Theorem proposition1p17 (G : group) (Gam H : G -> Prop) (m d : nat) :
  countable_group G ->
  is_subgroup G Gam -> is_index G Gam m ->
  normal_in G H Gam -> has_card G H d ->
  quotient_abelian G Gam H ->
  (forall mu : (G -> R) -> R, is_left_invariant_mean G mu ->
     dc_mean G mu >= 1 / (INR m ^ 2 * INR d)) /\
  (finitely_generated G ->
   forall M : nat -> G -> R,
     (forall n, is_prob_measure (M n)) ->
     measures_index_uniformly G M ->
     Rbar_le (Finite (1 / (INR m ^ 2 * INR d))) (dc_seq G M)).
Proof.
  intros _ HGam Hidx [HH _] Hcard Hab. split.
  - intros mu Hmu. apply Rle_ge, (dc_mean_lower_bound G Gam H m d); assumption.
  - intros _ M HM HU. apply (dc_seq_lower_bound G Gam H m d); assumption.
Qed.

> Problem to solve
In the listing above, find the line containing "normal_in G H Gam -> has_card G H d ->" and the line containing "(forall n, is_prob_measure (M n)) ->", then retype both and every line between them exactly, with nothing else.

> Solution for this exercise
  normal_in G H Gam -> has_card G H d ->
  quotient_abelian G Gam H ->
  (forall mu : (G -> R) -> R, is_left_invariant_mean G mu ->
     dc_mean G mu >= 1 / (INR m ^ 2 * INR d)) /\
  (finitely_generated G ->
   forall M : nat -> G -> R,
     (forall n, is_prob_measure (M n)) ->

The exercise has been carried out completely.